[R] [netcdfgroup] [ncdf4] error converting GEIA data to netCDF
Tom Roche
Tom_Roche at pobox.com
Tue Aug 28 21:24:48 CEST 2012
Roy Mendelssohn Tue, 28 Aug 2012 09:07:32 -0700
> here is the relevant section from your code:
> > netcdf.file <- nc_create(
> > filename=netcdf.fn,
> > # vars=list(emis.var),
> > # verbose=TRUE)
> > vars=list(emis.var))
> > # Write data to data variable: gotta have file first.
> > # Gotta convert 2d global.emis.mx[lat,lon] to 3d global.emis.arr[time,lat,lon]

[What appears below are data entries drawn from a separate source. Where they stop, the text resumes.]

(* Let $a\ge2$, $d\ge1$, $h\ge1$ and $s$ be integers with $\gcd(a,d)=1$ and $1\le s<a$. Let $\mathit{NR}$ be the set of positive integers not representable as $ax_0+\sum_{i=1}^s(ha+id)x_i$ with $x_0,\dots,x_s$ nonnegative integers, and let $S_m=\sum_{n\in\mathit{NR}}n^m$. Then for every integer $m\ge1$, \[ mS_{m-1}=a^{m-1}\sum_{n=0}^{a-1}B_m\!\left(h\lceil n/s\rceil+\frac{nd}{a}\right)-B_m, \] and, as an identity of functions (equivalently of power series about $z=0$), \[ \sum_{m=0}^\infty S_m\frac{z^m}{m!}=\frac{e^{(h\lceil\frac{a-1}{s}\rceil+d)az}-1}{(e^{dz}-1)(e^{az}-1)}+\frac{(e^{ahz}-1)\bigl(e^{\lceil\frac{a-1}{s}\rceil(ha+sd)z}-1\bigr)}{(e^{az}-1)(e^{(ha+sd)z}-1)(e^{-dz}-1)}-\frac{1}{e^z-1}. \]
   Context: $B_m(x)$ denotes the Bernoulli polynomials, defined by $\frac{te^{tx}}{e^t-1}=\sum_{m\ge0}B_m(x)\frac{t^m}{m!}$, and $B_m=B_m(0)$. $\lceil x\rceil$ is the least integer not less than $x$. *)

From HB Require Import structures.
From mathcomp Require Import all_boot all_order all_algebra.
From mathcomp Require Import all_classical all_reals all_analysis.
Set Implicit Arguments. Unset Strict Implicit. Unset Printing Implicit Defensive.
Import Order.TTheory GRing.Theory Num.Theory.
Local Open Scope ring_scope.

(* Bernoulli numbers B_m = B_m(0) for t/(e^t-1): B_0 = 1 and, for m >= 1,
   sum_{k=0}^{m} C(m+1,k) B_k = 0 (coefficient comparison in
   (e^t-1)/t * t/(e^t-1) = 1). bern_seq n = [:: B_0; ...; B_n]. *)
Fixpoint bern_seq (R : fieldType) (n : nat) : seq R :=
  match n with
  | 0 => [:: 1]
  | n'.+1 =>
      let s := bern_seq R n' in
      rcons s (- (\sum_(k < n'.+1) ('C(n'.+2, k))%:R * nth 0 s k) / (n'.+2)%:R)
  end.

Definition bernoulli (R : fieldType) (m : nat) : R := nth 0 (bern_seq R m) m.

(* Bernoulli polynomials: t e^{tx}/(e^t-1) = sum_m B_m(x) t^m/m!, i.e.
   B_m(x) = sum_k C(m,k) B_k x^(m-k) (Cauchy product of t/(e^t-1) and e^{tx}). *)
Definition bernoulli_poly (R : fieldType) (m : nat) (x : R) : R :=
  \sum_(k < m.+1) ('C(m, k))%:R * bernoulli R k * x ^+ (m - k).

Definition representable (a d h s n : nat) : Prop :=
  exists x : nat -> nat,
    n = (a * x 0 + \sum_(1 <= i < s.+1) (h * a + i * d) * x i)%N.

Definition NR (a d h s n : nat) : Prop := (0 < n)%N /\ ~ representable a d h s n.

(* S_m = sum_{n in NR} n^m, computed over n < N, where N is any strict upper
   bound of NR (the theorem asserts that such a bound exists). *)
Definition Ssum (R : ringType) (a d h s N m : nat) : R :=
  \sum_(n < N | `[< NR a d h s n >]) (n%:R) ^+ m.

From mathcomp Require Import all_boot all_order all_algebra.
From mathcomp Require Import all_classical all_reals all_analysis.
From mathcomp Require Import ring zify.
Set Implicit Arguments. Unset Strict Implicit. Unset Printing Implicit Defensive.
Import Order.TTheory GRing.Theory Num.Theory.
Local Open Scope classical_set_scope.
Local Open Scope ring_scope.

(* Since [coprime a d], the residue classes modulo [a] are those of [n * d],
   [n < a]. A representation a x_0 + sum_i (h a + i d) x_i in the class of
   [n * d] has sum_i i x_i >= n, hence sum_i x_i >= ceil(n/s); so the least
   representable number of the class is h ceil(n/s) a + n d, and every larger
   one is representable by adding multiples of [a]. The non-representable
   numbers are therefore, for each [n < a], an arithmetic progression of
   difference [a] below that bound. Summing powers along these progressions
   with the difference equation of the Bernoulli polynomials, reindexing the
   residues, and applying Raabe's multiplication formula gives the power-sum
   identity; summing e^(tz) along them as geometric series, with
   sum_n u^ceil(n/s) v^n in closed form, gives the generating function. *)

Section CharZeroPolynomials.
Variable R : numDomainType.
Implicit Type p : {poly R}.

Lemma deriv_eq0_polyC p : p^`() = 0 -> p = (p.[0])%:P.
Proof.
move=> dp; rewrite horner_coef0; apply/polyP => -[|i]; rewrite coefC //=.
have /eqP := congr1 (fun q : {poly R} => q`_i) dp.
by rewrite coef_deriv coef0 mulrn_eq0 => /eqP.
Qed.

Lemma periodic_polyC p : (forall x, p.[x + 1] = p.[x]) -> p = (p.[0])%:P.
Proof.
move=> per; apply/eqP; rewrite -subr_eq0; apply/eqP.
set q := _ - _.
apply: (@roots_geq_poly_eq0 _ q [seq i%:R | i <- iota 0 (size q)]).
- apply/allP => _ /mapP [i _ ->]; rewrite /root /q !hornerE subr_eq0.
  by elim: i => // i IH; rewrite -addn1 natrD per.
- by rewrite map_inj_uniq ?iota_uniq // => i j /eqP; rewrite eqr_nat => /eqP.
- by rewrite size_map size_iota.
Qed.

End CharZeroPolynomials.

Section BernoulliPolynomials.
Variable R : numFieldType.

Definition bernpoly (m : nat) : {poly R} :=
  \sum_(k < m.+1) (('C(m, k))%:R * bernoulli R k) *: 'X^(m - k).

Lemma horner_bernpoly m x : (bernpoly m).[x] = bernoulli_poly m x.
Proof. by rewrite horner_sum; apply: eq_bigr => k _; rewrite hornerZ hornerXn. Qed.

Lemma bernpoly0 : bernpoly 0 = 1.
Proof. by rewrite /bernpoly big_ord1 mul1r subnn scale1r. Qed.

Lemma size_bern_seq n : size (bern_seq R n) = n.+1.
Proof. by elim: n => //= n IH; rewrite size_rcons IH. Qed.

Lemma nth_bern_seq n k : (k <= n)%N -> nth 0 (bern_seq R n) k = bernoulli R k.
Proof.
elim: n => [|n IH]; first by rewrite leqn0 => /eqP ->.
rewrite leq_eqVlt => /orP [/eqP -> //|]; rewrite ltnS => le_kn.
by rewrite /= nth_rcons size_bern_seq ltnS le_kn IH.
Qed.

Lemma bernoulli_rec n : \sum_(k < n.+2) ('C(n.+2, k))%:R * bernoulli R k = 0.
Proof.
rewrite big_ord_recr /= binSn.
have -> : bernoulli R n.+1 =
    - (\sum_(k < n.+1) ('C(n.+2, k))%:R * bernoulli R k) / (n.+2)%:R.
  rewrite {1}/bernoulli /= nth_rcons size_bern_seq ltnn eqxx.
  by congr (- _ / _); apply: eq_bigr => k _; rewrite nth_bern_seq // -ltnS.
by rewrite mulrCA mulfV ?mulr1 ?subrr // pnatr_eq0.
Qed.

Lemma bernpoly_at0 m : (bernpoly m).[0] = bernoulli R m.
Proof.
rewrite horner_sum big_ord_recr /= subnn binn mul1r hornerZ hornerXn expr0 mulr1.
rewrite big1 ?add0r // => k _.
by rewrite hornerZ hornerXn expr0n subn_eq0 leqNgt ltn_ord mulr0.
Qed.

Lemma bernpoly_at1 n : (bernpoly n.+2).[1] = (bernpoly n.+2).[0].
Proof.
rewrite bernpoly_at0 horner_sum big_ord_recr /= subnn binn mul1r hornerZ hornerXn.
rewrite expr1n mulr1 (_ : \sum_(k < n.+2) _ = 0) ?add0r //.
rewrite -[RHS](bernoulli_rec n); apply: eq_bigr => k _.
by rewrite hornerZ hornerXn expr1n mulr1.
Qed.

Lemma deriv_bernpoly m : (bernpoly m.+1)^`() = (m.+1)%:R *: bernpoly m.
Proof.
rewrite /bernpoly big_ord_recr /= subnn expr0 derivD alg_polyC derivC addr0.
rewrite raddf_sum scaler_sumr; apply: eq_bigr => k _.
rewrite -[LHS]/(deriv _) derivZ derivXn (subSn (ltnSE (ltn_ord k))) /=.
rewrite -scalerMnr scalerMnl scalerA; congr (_ *: _).
have := mul_bin_down m.+1 k; rewrite (subSn (ltnSE (ltn_ord k))) => e.
by rewrite -mulr_natl mulrA -natrM -e natrM mulrA.
Qed.

Lemma bernpoly_shift m : bernpoly m \Po ('X + 1) - bernpoly m = m%:R *: 'X^(m.-1).
Proof.
elim: m => [|m IH]; first by rewrite bernpoly0 comp_polyC subrr scale0r.
apply/eqP; rewrite -subr_eq0; apply/eqP; set E := _ - _.
have dE : E^`() = 0.
  rewrite /E !derivB deriv_comp !deriv_bernpoly derivD derivX derivC addr0 mulr1.
  by rewrite comp_polyZ -scalerBr IH derivZ derivXn /= scaler_nat subrr.
rewrite (deriv_eq0_polyC dE) /E !hornerE horner_comp !hornerE /=.
apply/eqP; rewrite polyC_eq0; apply/eqP.
case: m {IH E dE} => [|n]; last by rewrite bernpoly_at1 subrr expr0n mulr0 subrr.
rewrite /bernpoly !big_ord_recr big_ord0 !hornerE /bernoulli /= big_ord1 /=.
by rewrite addrK bin0 subrr.
Qed.

Lemma horner_bernpoly_shift m x :
  (bernpoly m).[x + 1] - (bernpoly m).[x] = m%:R * x ^+ m.-1.
Proof.
have /(congr1 (horner^~ x)) := bernpoly_shift m.
by rewrite !hornerE horner_comp !hornerE.
Qed.

Lemma bernpoly_sum_pow m q y : (m.+1)%:R * \sum_(j < q) (j%:R + y) ^+ m =
  (bernpoly m.+1).[q%:R + y] - (bernpoly m.+1).[y].
Proof.
rewrite mulr_sumr -(big_mkord xpredT (fun j => m.+1%:R * (j%:R + y) ^+ m)).
rewrite (telescope_sumr_eq (fun j : nat => (bernpoly m.+1).[j%:R + y])) ?add0r //.
by move=> j _; rewrite -[j.+1%:R]natr1 addrAC horner_bernpoly_shift.
Qed.

End BernoulliPolynomials.

Section Raabe.
Variables (R : numFieldType) (a : nat).
Hypothesis a_gt0 : (0 < a)%N.

Let a_neq0 : a%:R != 0 :> R.
Proof. by rewrite pnatr_eq0 -lt0n. Qed.

Let raabe m : {poly R} := (a%:R ^+ m / a%:R) *:
  \sum_(r < a) (bernpoly R m \Po (a%:R^-1 *: ('X + r%:R%:P))).

Let horner_raabe m x : (raabe m).[x] =
  a%:R ^+ m / a%:R * \sum_(r < a) (bernpoly R m).[(x + r%:R) / a%:R].
Proof.
rewrite hornerZ horner_sum; congr (_ * _); apply: eq_bigr => r _.
by rewrite horner_comp !hornerE mulrC.
Qed.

> > # Do this before adding _FillValue to prevent:
> > # > Error in R_nc4_put_vara_double: NetCDF: Not a valid data type or =
> _FillValue type mismatch
> > ## global.emis.arr <- global.emis.mx
> > ## dim(global.emis.arr) <- c(1, dim(global.emis.mx))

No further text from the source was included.